MorphEUS categorized the drugs correctly 94 percent of the time.
In the remaining instances, MorphEUS identified previously
unknown target pathways.
The search for new TB
treatments has been stymied by difficulties in identifying the
biological activity of compounds early in the drug discovery
process and the need to clarify the mechanism of action of
existing therapies. Antibacterials kill pathogens via specific
molecular actions, for example, by destroying the
microbe’s cell wall or inhibiting protein synthesis. The
drugs leave clues to their particular modus operandi:
characteristic physical unraveling of the bacterial cells, which
may affect length, width, shape of structures like the
chromosome, staining ability, and other properties.
Morphological profiling to categorize drugs by these changes is
well-established with pathogens such as E. coli, but
Aldridge’s team was the first to test it with M. tb.
“We
found that conventional morphological profiling approaches
didn’t work with M. tb, because the bacterium’s
inherent response to treatment was extremely variable, and
changes in morphology were much less obvious than in bacteria
like E. coli,” said Trever C. Smith II, co-first author on
the paper and a postdoctoral researcher in the Aldridge
laboratory.
MorphEUS harnesses this variation by
incorporating measurements of heterogeneity itself into
morphological profiles and combining this enhanced feature set
with machine learning and other complex analytical tools.
Network webs and matrices visualize the data analysis.
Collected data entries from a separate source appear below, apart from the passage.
(* From nonnegative test functions to an integrable real variable: if
   E[1{D1} u(Y) Q] = E[1{D2} u(Y)] for every nonnegative measurable u, then
   Y Q is integrable on D1 whenever Y is integrable on D2 (take u = |.|), and
   E[1{D1} Y Q] = E[1{D2} Y] (take the positive and negative parts). *)
Section weighted_integral.
Context d (Omega : measurableType d) (R : realType)
  (mu : {measure set Omega -> \bar R}) (D1 D2 : set Omega)
  (Y Q : Omega -> R) (mY : measurable_fun setT Y) (mQ : measurable_fun setT Q)
  (Q0 : forall x, 0 <= Q x).
Local Open Scope ereal_scope.
Hypothesis weighted_eq : forall u : R -> \bar R,
  measurable_fun setT u -> (forall r, 0 <= u r) ->
  \int[mu]_(x in D1) (u (Y x) * (Q x)%:E) = \int[mu]_(x in D2) u (Y x).

Lemma weighted_integrable :
  mu.-integrable D2 (fun x => (Y x)%:E) ->
  mu.-integrable D1 (fun x => (Y x * Q x)%:E).
Proof.
move=> /integrableP[_ intY]; apply/integrableP; split.
  exact/measurable_EFinP/measurable_funTS/measurable_funM.
under eq_integral => x _ do rewrite abse_EFin normrM (ger0_norm (Q0 x)) EFinM.
have mnorm : measurable_fun setT (fun r : R => `|r|%:E).
  by apply/measurable_EFinP; exact: normr_measurable.
by rewrite (weighted_eq _ mnorm) // => r; rewrite lee_fin.
Qed.

Lemma weighted_integral_eq :
  \int[mu]_(x in D1) (Y x * Q x)%:E = \int[mu]_(x in D2) (Y x)%:E.
Proof.
have max0_ge0 (r : R) : 0 <= (Num.max r 0)%:E by rewrite lee_fin le_max lexx orbT.
have mmax0 (f : R -> R) : measurable_fun setT f ->
    measurable_fun setT (fun r => (Num.max (f r) 0)%:E).
  by move=> mf; apply/measurable_EFinP/measurable_maxr => //; exact: measurable_cst.
rewrite integralE [RHS]integralE; congr (_ - _).
- transitivity (\int[mu]_(x in D1) ((Num.max (Y x) 0)%:E * (Q x)%:E)).
    apply: eq_integral => x _.
    by rewrite funeposE -EFin_max -EFinM maxr_pMl // mul0r.
  rewrite (weighted_eq _ (mmax0 _ (@measurable_id _ _ setT))) //.
  by apply: eq_integral => x _; rewrite funeposE -EFin_max.
- transitivity (\int[mu]_(x in D1) ((Num.max (- Y x) 0)%:E * (Q x)%:E)).
    apply: eq_integral => x _.
    by rewrite funenegE -EFin_max -EFinM maxr_pMl // mul0r mulNr.
  rewrite (weighted_eq _ (mmax0 _ (@oppr_measurable _ setT))) //.
  by apply: eq_integral => x _; rewrite funenegE -EFin_max.
Qed.

End weighted_integral.
Arguments weighted_integrable {d Omega R mu D1 D2 Y Q}.
Arguments weighted_integral_eq {d Omega R mu D1 D2 Y Q}.

Lemma measurable_fun_inv_pos {dT} {T : measurableType dT} {R : realType}
    {f : T -> R} :
  measurable_fun setT f -> (forall t, 0 < f t) ->
  measurable_fun setT (fun t => (f t)^-1).
Proof.
move=> mf f_gt0.
have -> : (fun t => (f t)^-1) = (fun t => expR (- ln (f t))).
  by apply/funext => t; rewrite expRN lnK // posrE.
apply: measurableT_comp; first exact: measurable_expR.
apply: measurableT_comp; first exact: oppr_measurable.
by apply: measurableT_comp; first exact: measurable_ln.
Qed.

Section inverse_probability_weighting.
Context d dP dS (R : realType) (Omega : measurableType d)
  (P : probability Omega R) (TP : measurableType dP) (TS : measurableType dS)
  (Y : Omega -> R) (S : Omega -> bool) (A : Omega -> nat)
  (XP : Omega -> TP) (XS : Omega -> TS) (pi_j : TP -> R) (p : TP * TS -> R)
  (j : nat).
Hypotheses (mY : measurable_fun setT Y) (mS : measurable (S @^-1` [set true]))
  (mAj : measurable (A @^-1` [set j]))
  (mXP : measurable_fun setT XP) (mXS : measurable_fun setT XS).
Hypotheses (sampling_ignorability : cond_indep P (A @^-1` [set j]) XP Y S)
  (pi_version :
     cond_prob_version P (A @^-1` [set j]) XP (S @^-1` [set true]) pi_j)
  (pi_gt0 : forall x, 0 < pi_j x).
Hypotheses (area_ignorability :
     cond_indep P (S @^-1` [set true]) (fun w => (XP w, XS w)) Y A)
  (p_version : cond_prob_version P (S @^-1` [set true])
     (fun w => (XP w, XS w)) (A @^-1` [set j]) p)
  (p_ge0 : forall x, 0 <= p x).

Definition ipw_weight (w : Omega) : R := (pi_j (XP w))^-1 * p (XP w, XS w).

Lemma ipw_weight_ge0 w : 0 <= ipw_weight w.
Proof. by rewrite mulr_ge0 // invr_ge0 ltW. Qed.

Lemma measurable_ipw_weight : measurable_fun setT ipw_weight.
Proof.
apply: measurable_funM.
  exact: measurableT_comp (measurable_fun_inv_pos pi_version.1 pi_gt0) mXP.
exact: measurableT_comp p_version.1 (measurable_fun_pair mXP mXS).
Qed.

(* Area ignorability
   turns the weight p_j into the indicator of A = j, then sampling
   ignorability turns 1{S = 1} into pi_j, which cancels with 1 / pi_j. *)
Lemma ipw_identity (u : R -> \bar R) :
  measurable_fun setT u -> (forall r, (0 <= u r)%E) ->
  (\int[P]_(x in S @^-1` [set true]) (u (Y x) * (ipw_weight x)%:E) =
   \int[P]_(x in A @^-1` [set j]) u (Y x))%E.
Proof.
move=> mU u0.
have mpiV := measurable_fun_inv_pos pi_version.1 pi_gt0.
have piV0 t : 0 <= (pi_j t)^-1 by rewrite invr_ge0 ltW.
have area := cond_indep_integral P (measurable_fun_pair mXP mXS) mS mY mAj
  area_ignorability p_ge0 p_version u (fun t => (pi_j t.1)^-1) mU u0
  (measurableT_comp mpiV measurable_fst) (fun t => piV0 t.1).
have sampling := cond_indep_integral P mXP mAj mY mS sampling_ignorability
  (fun t => ltW (pi_gt0 t)) pi_version u (fun t => (pi_j t)^-1) mU u0 mpiV piV0.
rewrite -[LHS]area setIC sampling; apply: eq_integral => x _.
by rewrite mulVf ?mule1 // gt_eqF.
Qed.

Lemma ipw_scaled_mean (c : R) :
  P.-integrable (A @^-1` [set j]) (fun w => (Y w)%:E) ->
  ((\int[P]_(w in A @^-1` [set j]) (Y w)%:E) * c%:E =
   \int[P]_(w in S @^-1` [set true]) (c * (Y w * ipw_weight w))%:E)%E.
Proof.
move=> intY.
have intYQ := weighted_integrable mY measurable_ipw_weight ipw_weight_ge0
  ipw_identity intY.
rewrite -(weighted_integral_eq ipw_weight_ge0 ipw_identity) muleC.
by under [RHS]eq_integral do rewrite EFinM; rewrite integralZl.
Qed.

End inverse_probability_weighting.
Arguments ipw_weight {d dP dS R Omega TP TS} XP XS pi_j p w.
Arguments measurable_ipw_weight {d dP dS R Omega P TP TS S A XP XS pi_j p j}.
Arguments ipw_scaled_mean {d dP dS R Omega P TP TS Y S A XP XS pi_j p j}.

Lemma integral_indic_split {d} {Omega : measurableType d} {R : realType}
    (mu : {measure set Omega -> \bar R}) {D F : set Omega} {f : Omega -> R} :
  measurable D -> measurable F -> measurable_fun setT f ->
  (\int[mu]_x (\1_(D `&` F) x * f x)%:E +
   \int[mu]_x (\1_(D `&` ~` F) x * f x)%:E = \int[mu]_(x in D) (f x)%:E)%E.
Proof.
move=> mD mF mf.
have indic G : (\int[mu]_x (\1_G x * f x)%:E = \int[mu]_(x in G) (f x)%:E)%E.
  rewrite [RHS]integral_mkcond; apply: eq_integral => x _.
  by rewrite patchE indicE; case: (x \in G); rewrite ?mul1r ?mul0r.
rewrite !indic -integral_setU.
- by rewrite -setIUr setUCr setIT.
- exact: measurableI.
- by apply: measurableI => //; exact: measurableC.
- exact/measurable_EFinP/measurable_funTS.
- by apply/disj_set2P; rewrite setIACA setICr setI0.
Qed.



Theorem corollary1 {d dP dS : measure_display} (R : realType)
  (Omega : measurableType d) (P : probability Omega R)
  (TP : measurableType dP) (TS : measurableType dS) (J : nat)
  (Y : Omega -> R) (S : Omega -> bool) (A : Omega -> nat)
  (XP : Omega -> TP) (XS : Omega -> TS)
  (pi : nat -> TP -> R) (p : TP * TS -> R) (j : nat) :
  (* random variables *)
  measurable_fun setT Y ->
  P.-integrable setT (fun w => (Y w)%:E) ->
  measurable (S @^-1` [set true]) ->
  (forall a, measurable (A @^-1` [set a])) ->
  (forall w, (1 <= A w <= J)%N) ->
  measurable_fun setT XP ->
  measurable_fun setT XS ->
  (* the fixed area j *)
  (1 <= j <= J)%N ->
  (0 < P (A @^-1` [set j]))%E ->
  (* sampling ignorability *)
  (forall a, (1 <= a <= J)%N ->
     cond_indep P (A @^-1` [set a]) XP Y S) ->
  (forall a, (1 <= a <= J)%N ->
     cond_prob_version P (A @^-1` [set a]) XP (S @^-1` [set true]) (pi a)) ->
  (forall a x, (1 <= a <= J)%N -> 0 < pi a x < 1) ->
  (* area ignorability *)
  cond_indep P (S @^-1` [set true]) (fun w => (XP w, XS w)) Y A ->
  cond_prob_version P (S @^-1` [set true]) (fun w => (XP w, XS w))
    (A @^-1` [set j]) p ->
  (forall x, 0 < p x < 1) ->
  let pAj := fine (P (A @^-1` [set j])) in
  let piX := fun w => pi j (XP w) in
  let pX := fun w => p (XP w, XS w) in
  ((\int[P]_(w in A @^-1` [set j]) (Y w)%:E) * (pAj^-1)%:E =
   (\int[P]_w ((S w && (A w == j))%:R / pAj * (Y w / piX w) * pX w)%:E) +
   (\int[P]_w ((S w && (A w != j))%:R / pAj * (pX w / (1 - pX w))
                 * (Y w / piX w) * (1 - pX w))%:E))%E.
Proof.
move=> mY iY mS mA _ mXP mXS hj pAj_gt0 sampling pi_version pi_bd area
  p_version p_bd pAj piX pX.
have pi_gt0 t : 0 < pi j t by case/andP: (pi_bd j t hj).
have p_gt0 t : 0 < p t by case/andP: (p_bd t).
have p_neq1 t : 1 - p t != 0 by rewrite subr_eq0 eq_sym lt_eqF //; case/andP: (p_bd t).
have pAj_neq0 : pAj != 0.
  rewrite gt_eqF // fine_gt0 // pAj_gt0 /=.
  exact: le_lt_trans (probability_le1 P (mA j)) (ltry 1).
rewrite (ipw_scaled_mean mY mS (mA j) mXP mXS (sampling j hj) (pi_version j hj)
  pi_gt0 area p_version (fun t => ltW (p_gt0 t)));
  last exact: integrableS measurableT (mA j) (subsetT _) iY.
have mYQ : measurable_fun setT
    (fun w => pAj^-1 * (Y w * ipw_weight XP XS (pi j) p w)).
  apply: measurable_funM; first exact: measurable_cst.
  apply: measurable_funM => //.
  exact: measurable_ipw_weight mXP mXS (pi_version j hj) pi_gt0 p_version.
have inS w : (w \in S @^-1` [set true]) = S w.
  by apply/idP/idP => [/set_mem //|]; exact: mem_set.
have inA w : (w \in A @^-1` [set j]) = (A w == j).
  by apply/idP/idP => [/set_mem /= ->//|/eqP]; exact: mem_set.
rewrite -(integral_indic_split _ mS (mA j) mYQ); congr (_ + _)%E;
  apply: eq_integral => w _; congr (_%:E);
  rewrite indicE in_setI ?in_setC inS inA /ipw_weight /piX /pX;
  case: (S w); case: (A w == j); rewrite /= ?mul0r ?mul1r //.
- by rewrite !mulrA.
- by field; rewrite gt_eqF // p_neq1 pAj_neq0.
Qed.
For
example, much of the heterogeneity in staining patterns in M. tb
is due to its thick, complex cell wall. There is increased
staining and less variation in staining patterns when M. tb is
treated with cell-wall targeting antibiotics compared with other
classes of antibiotics. “With MorphEUS, we used the
distribution of staining across a large number of bacilli to
learn how each drug acts on M. tb,” said Aldridge.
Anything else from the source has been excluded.